(Action item) Your job with the data below: print everything from the line that holds "by rewrite -(tnth_nth" down to the line that holds "Proof. by rewrite /compAND", ends included, exactly, and nothing else.

(Material supplied)
(* Let $n\ge2$ be a power of 2 and $f = \mathsf{ADDR}_n$. Then $\mathsf{D}_{\mathrm{cc}}^\rightarrow(f \circ \mathsf{AND}) \geq \mathrm{rank}(M_{f \circ \mathsf{AND}})^{\log_3 2}$.
   Context: $\mathsf{ADDR}_n:\{0,1\}^{\log n+n}\to\{0,1\}$ is $\mathsf{ADDR}_n(x,y)=y_{\mathsf{bin}(x)}$ for $x\in\{0,1\}^{\log n}$, $y\in\{0,1\}^n$, where $\mathsf{bin}(x)\in[n]$ is the integer whose binary representation is $x$. For $f:\{0,1\}^m\to\{0,1\}$, $f\circ\mathsf{AND}$ is the two-party function $(u,v)\mapsto f(u_1\wedge v_1,\dots,u_m\wedge v_m)$ with Alice holding $u\in\{0,1\}^m$, Bob $v\in\{0,1\}^m$; $M_{f\circ\mathsf{AND}}$ is its communication matrix (entry $(u,v)$ equals $(f\circ\mathsf{AND})(u,v)$), $\mathrm{rank}$ is real rank, and $\mathsf{D}_{\mathrm{cc}}^\rightarrow$ is deterministic one-way communication complexity. *)

From Stdlib Require Import Reals.
From HB Require Import structures.
From mathcomp Require Import all_boot all_order all_algebra.
From mathcomp Require Import Rstruct.
Set Implicit Arguments. Unset Strict Implicit. Unset Printing Implicit Defensive.
Import GRing.Theory.

(* bin x : the integer whose binary representation is x (most significant bit first). *)
Definition bin (x : seq bool) : nat := foldl (fun acc (b : bool) => acc.*2 + b) 0 x.

(* ADDR_n with n = 2^k: input w in {0,1}^(k + 2^k), w = (x, y), x of length k,
   y of length 2^k indexed from 0; output y_{bin(x)}. *)
Definition ADDR (k : nat) (w : (k + 2 ^ k).-tuple bool) : bool :=
  nth false (drop k w) (bin (take k w)).

Definition compAND (m : nat) (f : m.-tuple bool -> bool)
  (u v : m.-tuple bool) : bool :=
  f [tuple tnth u i && tnth v i | i < m].

Definition commMx (U V : finType) (F : U -> V -> bool) : 'M[R]_(#|U|, #|V|) :=
  \matrix_(i, j) ((F (enum_val i) (enum_val j))%:R)%R.

Definition oneway_protocol (U V : finType) (F : U -> V -> bool) (c : nat) : bool :=
  [exists A : {ffun U -> c.-tuple bool},
     exists B : {ffun (c.-tuple bool * V) -> bool},
       [forall u, forall v, B (A u, v) == F u v]].

Lemma oneway_protocol_exists (U V : finType) (F : U -> V -> bool) :
  exists c, oneway_protocol F c.
Proof.
set c := #|U|.
pose A : {ffun U -> c.-tuple bool} := [ffun u : U => [tuple (enum_rank u == i) | i < c]].
pose B : {ffun (c.-tuple bool * V) -> bool} := [ffun p : c.-tuple bool * V =>
   if [pick u : U | A u == p.1] is Some u then F u p.2 else false].
exists c; apply/existsP; exists A; apply/existsP; exists B.
apply/forallP => u; apply/forallP => v; rewrite ffunE /=.
case: pickP => [u' /eqP Hu|/(_ u)]; last by rewrite eqxx.
have -> : u' = u; last by [].
apply: enum_rank_inj; move/(congr1 (fun t : c.-tuple bool => tnth t (enum_rank u))): Hu.
by rewrite !ffunE !tnth_mktuple eqxx => /eqP.
Qed.

Definition Dcc_oneway (U V : finType) (F : U -> V -> bool) : nat :=
  ex_minn (oneway_protocol_exists F).

(* Write the input of ADDR_k o AND as (u, v), and x for the first k bits of
   u /\ v.  The output is cell_u(x) * cell_v(x), and the indicator of x = a is
   the product over the k address bits of [u_i /\ v_i = a_i], each a sum of
   rank-one terms drawn from three fixed ones.  Expanding the product writes the
   communication matrix as a sum of 3^k rank-one matrices, so its rank is at
   most 3^k.  Conversely, if Alice's address bits and Bob's memory bits are all
   ones, Bob can read any of Alice's 2^k memory bits, so Alice's message must
   determine her memory and has at least 2^k bits.  Finally
   rank^(log_3 2) <= (3^k)^(log_3 2) = 2^k <= D. *)

From Stdlib Require Import Reals Lra.
From mathcomp Require Import all_boot all_order all_algebra.
From mathcomp Require Import Rstruct.
Set Implicit Arguments. Unset Strict Implicit. Unset Printing Implicit Defensive.
Import GRing.Theory.

Local Open Scope ring_scope.

Lemma mxrank_commMx_factor (U V T : finType) (F : U -> V -> bool)
    (a : U -> T -> R) (b : T -> V -> R) :
    (forall u v, (F u v)%:R = \sum_t a u t * b t v) ->
  (\rank (commMx F) <= #|T|)%N.
Proof.
move=> Fab.
pose A : 'M_(#|U|, #|T|) := \matrix_(i, t) a (enum_val i) (enum_val t).
pose B : 'M_(#|T|, #|V|) := \matrix_(t, j) b (enum_val t) (enum_val j).
have -> : commMx F = A *m B.
  apply/matrixP => i j; rewrite !mxE Fab (big_enum_val (A := T)) /=.
  by apply: eq_bigr => t _; rewrite !mxE.
exact: leq_trans (mxrankM_maxl _ _) (rank_leq_col _).
Qed.

Lemma prod_eq_indicator (I : finType) (T : eqType) (a b : {ffun I -> T}) :
  \prod_i ((a i == b i)%:R : R) = (a == b)%:R.
Proof.
have [-> | /eqP neq_ab] := eqVneq a b; first by rewrite big1 // => i _; rewrite eqxx.
have [i /negbTE neq_i] : exists i, a i != b i.
  apply/existsP; apply: contra_notT neq_ab => /existsPn eq_ab.
  by apply/ffunP => i; apply/eqP/negPn.
by rewrite (bigD1 i) //= neq_i mul0r.
Qed.

Definition and_index (j : 'I_3) : bool := val j == 2%N.
Definition alice_term (j : 'I_3) (p : bool) : R := [:: 1; - p%:R; p%:R]`_j.
Definition bob_term (j : 'I_3) (q : bool) : R := [:: 1; q%:R; q%:R]`_j.

(* [p && q = 0] = 1 * 1 + (- p) * q and [p && q = 1] = p * q: three rank-one
   terms in (p, q), selected by [and_index]. *)
Lemma and_eq_indicator (b p q : bool) :
  ((p && q) == b)%:R =
  \sum_(j < 3) (b == and_index j)%:R * (alice_term j p * bob_term j q).
Proof.
rewrite !big_ord_recr big_ord0 /alice_term /bob_term /=.
by case: b; case: p; case: q;
  rewrite /= ?(mul0r, mulr0, mul1r, mulr1, add0r, addr0, oppr0, subr0, subrr).
Qed.

Definition and_pattern (I : finType) (t : {ffun I -> 'I_3}) : {ffun I -> bool} :=
  [ffun i => and_index (t i)].

Lemma and_expansion (I : finType) (G : {ffun I -> bool} -> R) (p q : I -> bool) :
  G [ffun i => p i && q i] =
  \sum_(t : {ffun I -> 'I_3})
     G (and_pattern t) * \prod_i (alice_term (t i) (p i) * bob_term (t i) (q i)).
Proof.
set x := [ffun i => p i && q i].
have indicator_expansion a : (x == a)%:R = \sum_(t : {ffun I -> 'I_3})
    (a == and_pattern t)%:R * \prod_i (alice_term (t i) (p i) * bob_term (t i) (q i)).
  rewrite -prod_eq_indicator.
  under eq_bigr => i _ do rewrite ffunE and_eq_indicator.
  rewrite bigA_distr_bigA; apply: eq_bigr => t _.
  rewrite big_split /= -prod_eq_indicator; congr (_ * _).
  by apply: eq_bigr => i _; rewrite ffunE.
transitivity (\sum_a G a * (x == a)%:R).
  rewrite (bigD1 x) //= eqxx mulr1 big1 ?addr0 // => a.
  by rewrite eq_sym => /negbTE ->; rewrite mulr0.
under eq_bigr => a _ do rewrite indicator_expansion mulr_sumr.
rewrite exchange_big; apply: eq_bigr => t _.
rewrite (bigD1 (and_pattern t)) //= eqxx mul1r [X in _ + X]big1 ?addr0 // => a.
by move=> /negbTE ->; rewrite mul0r mulr0.
Qed.

Lemma oneway_protocol_rows (W U V : finType) (F : U -> V -> bool) (e : W -> U) (c : nat) :
    (forall w w', F (e w) =1 F (e w') -> w = w') ->
  oneway_protocol F c -> (#|W| <= 2 ^ c)%N.
Proof.
move=> rows_inj /existsP[A /existsP[B /forallP correct]].
have msg_inj : injective (A \o e).
  move=> w w' /= eq_msg; apply: rows_inj => v.
  by rewrite -(eqP (forallP (correct (e w)) v)) eq_msg (eqP (forallP (correct (e w')) v)).
by have := leq_card _ msg_inj; rewrite card_tuple card_bool.
Qed.

Lemma bin_rcons (s : seq bool) (b : bool) : bin (rcons s b) = ((bin s).*2 + b)%N.
Proof. by rewrite /bin foldl_rcons. Qed.

Lemma bin_onto (k j : nat) : (j < 2 ^ k)%N -> exists s : k.-tuple bool, bin s = j.
Proof.
elim: k j => [|k IHk] j lt_j.
  by exists [tuple]; move: lt_j; rewrite expn0 ltnS leqn0 => /eqP ->.
have [s bin_s] : exists s : k.-tuple bool, bin s = j./2.
  apply: IHk; rewrite -ltn_double -[X in (_ < X)%N]mul2n -expnS.
  by rewrite (leq_ltn_trans _ lt_j) // -[j in (_ <= j)%N]odd_double_half leq_addl.
by exists [tuple of rcons s (odd j)]; rewrite bin_rcons bin_s addnC odd_double_half.
Qed.

Definition andw (n : nat) (u v : n.-tuple bool) : n.-tuple bool :=
  [tuple tnth u i && tnth v i | i < n].

Lemma nth_andw (n : nat) (u v : n.-tuple bool) (i : nat) :
  nth false (andw u v) i = nth false u i && nth false v i.
Proof.
have [lt_in | le_ni] := ltnP i n; last by rewrite !nth_default ?size_tuple.
by rewrite -(tnth_nth _ _ (Ordinal lt_in)) tnth_mktuple !(tnth_nth false).
Qed.

Section AddressFunction.
Variable k : nat.
Local Notation m := (k + 2 ^ k)%N.

Lemma compAND_ADDRE (u v : m.-tuple bool) :
  compAND (@ADDR k) u v =
  let i := (k + bin (take k (andw u v)))%N in nth false u i && nth false v i.
Proof. by rewrite /compAND /ADDR nth_drop -nth_andw. Qed.

Definition cell (w : m.-tuple bool) (a : {ffun 'I_k -> bool}) : bool :=
  nth false w (k + bin (codom a)).

Lemma take_andw (u v : m.-tuple bool) :
  take k (andw u v) = codom [ffun i : 'I_k => nth false u i && nth false v i].
Proof.
rewrite -(map_nth_iota0 false) ?size_tuple ?leq_addr // codomE -val_enum_ord -map_comp.
by apply: eq_map => i /=; rewrite ffunE nth_andw.
Qed.

Definition alice_factor (u : m.-tuple bool) (t : {ffun 'I_k -> 'I_3}) : R :=
  (cell u (and_pattern t))%:R * \prod_i alice_term (t i) (nth false u i).

Definition bob_factor (t : {ffun 'I_k -> 'I_3}) (v : m.-tuple bool) : R :=
  (cell v (and_pattern t))%:R * \prod_i bob_term (t i) (nth false v i).

Lemma compAND_ADDR_factor (u v : m.-tuple bool) :
  (compAND (@ADDR k) u v)%:R = \sum_t alice_factor u t * bob_factor t v.
Proof.
rewrite compAND_ADDRE /= take_andw -mulnb natrM.
rewrite (and_expansion (fun a => (cell u a)%:R * (cell v a)%:R)).
by apply: eq_bigr => t _; rewrite big_split /= mulrACA.
Qed.

Lemma rank_commMx_compAND_ADDR : (\rank (commMx (compAND (@ADDR k))) <= 3 ^ k)%N.
Proof.
have := mxrank_commMx_factor compAND_ADDR_factor.
by rewrite card_ffun !card_ord.
Qed.

Lemma compAND_ADDR_select (y : (2 ^ k).-tuple bool) (s : k.-tuple bool) :
  compAND (@ADDR k) [tuple of nseq k true ++ y] [tuple of s ++ nseq (2 ^ k) true]
  = nth false y (bin s).
Proof.
set u := [tuple of nseq k true ++ y]; set v := [tuple of s ++ nseq (2 ^ k) true].
have take_k : take k (andw u v) = s.
  apply: (@eq_from_nth _ false); first by rewrite size_takel ?size_tuple ?leq_addr.
  move=> i; rewrite size_takel ?size_tuple ?leq_addr // => lt_ik.
  by rewrite nth_take // nth_andw !nth_cat size_nseq size_tuple lt_ik nth_nseq lt_ik.
rewrite compAND_ADDRE /= take_k !nth_cat size_nseq size_tuple !ltnNge leq_addr /= addKn.
have [lt_j | le_j] := ltnP (bin s) (2 ^ k); first by rewrite nth_nseq lt_j andbT.
by rewrite !nth_default ?size_tuple.
Qed.

Lemma Dcc_oneway_compAND_ADDR : (2 ^ k <= Dcc_oneway (compAND (@ADDR k)))%N.
Proof.
rewrite /Dcc_oneway; case: ex_minnP => c protocol_c _.
rewrite -(@leq_exp2l 2) //.
pose alice_row (y : (2 ^ k).-tuple bool) := [tuple of nseq k true ++ y].
have := oneway_protocol_rows (e := alice_row) _ protocol_c.
rewrite card_tuple card_bool; apply=> y y' same_rows.
apply: eq_from_tnth => j; have [s bin_s] := bin_onto (ltn_ord j).
by rewrite !(tnth_nth false) -bin_s -!compAND_ADDR_select same_rows.
Qed.
End AddressFunction.

Local Open Scope R_scope.

Lemma INR_expn (n k : nat) : INR (n ^ k)%N = INR n ^ k.
Proof. by rewrite -pow_INR; congr INR; elim: k => //= k <-; rewrite expnS. Qed.

Lemma ln3_gt0 : 0 < ln 3.
Proof. by rewrite -ln_1; apply: ln_increasing; lra. Qed.

Lemma Rpower_pow3_log3_2 (k : nat) : Rpower (3 ^ k) (ln 2 / ln 3) = 2 ^ k.
Proof.
rewrite -!Rpower_pow; try lra.
by rewrite Rpower_mult /Rpower; congr exp; field; apply: Rgt_not_eq; apply: ln3_gt0.
Qed.

Lemma Rpower_log3_2_le (r d k : nat) : (r <= 3 ^ k)%N -> (2 ^ k <= d)%N ->
  Rpower (INR r) (ln 2 / ln 3) <= INR d.
Proof.
move=> /leP/le_INR r_le /leP/le_INR d_ge.
rewrite !INR_expn (INR_IZR_INZ 3) (INR_IZR_INZ 2) /= in r_le d_ge.
apply: Rle_trans d_ge; have [-> | /ltP/lt_0_INR r_gt0] := posnP r.
  have ln_0 : ln 0 = 0 by rewrite /ln; case: Rlt_dec => // /Rlt_irrefl [].
  rewrite /Rpower /= ln_0 Rmult_0_r exp_0; apply: pow_R1_Rle; lra.
rewrite -Rpower_pow3_log3_2; apply: Rle_Rpower_l => //.
apply: Rlt_le; apply: Rdiv_lt_0_compat; last exact: ln3_gt0.
by have := ln_lt_2; lra.
Qed.

Theorem corollaryA5 (k : nat) (hk : (1 <= k)%N) :
  (Rpower (INR (\rank (commMx (compAND (@ADDR k)))))
          (ln 2 / ln 3)
   <= INR (Dcc_oneway (compAND (@ADDR k))))%R.
Proof.
apply/RleP; apply: Rpower_log3_2_le.
  exact: rank_commMx_compAND_ADDR.
exact: Dcc_oneway_compAND_ADDR.
Qed.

(Your solution)
by rewrite -(tnth_nth _ _ (Ordinal lt_in)) tnth_mktuple !(tnth_nth false).
Qed.

Section AddressFunction.
Variable k : nat.
Local Notation m := (k + 2 ^ k)%N.

Lemma compAND_ADDRE (u v : m.-tuple bool) :
  compAND (@ADDR k) u v =
  let i := (k + bin (take k (andw u v)))%N in nth false u i && nth false v i.
Proof. by rewrite /compAND /ADDR nth_drop -nth_andw. Qed.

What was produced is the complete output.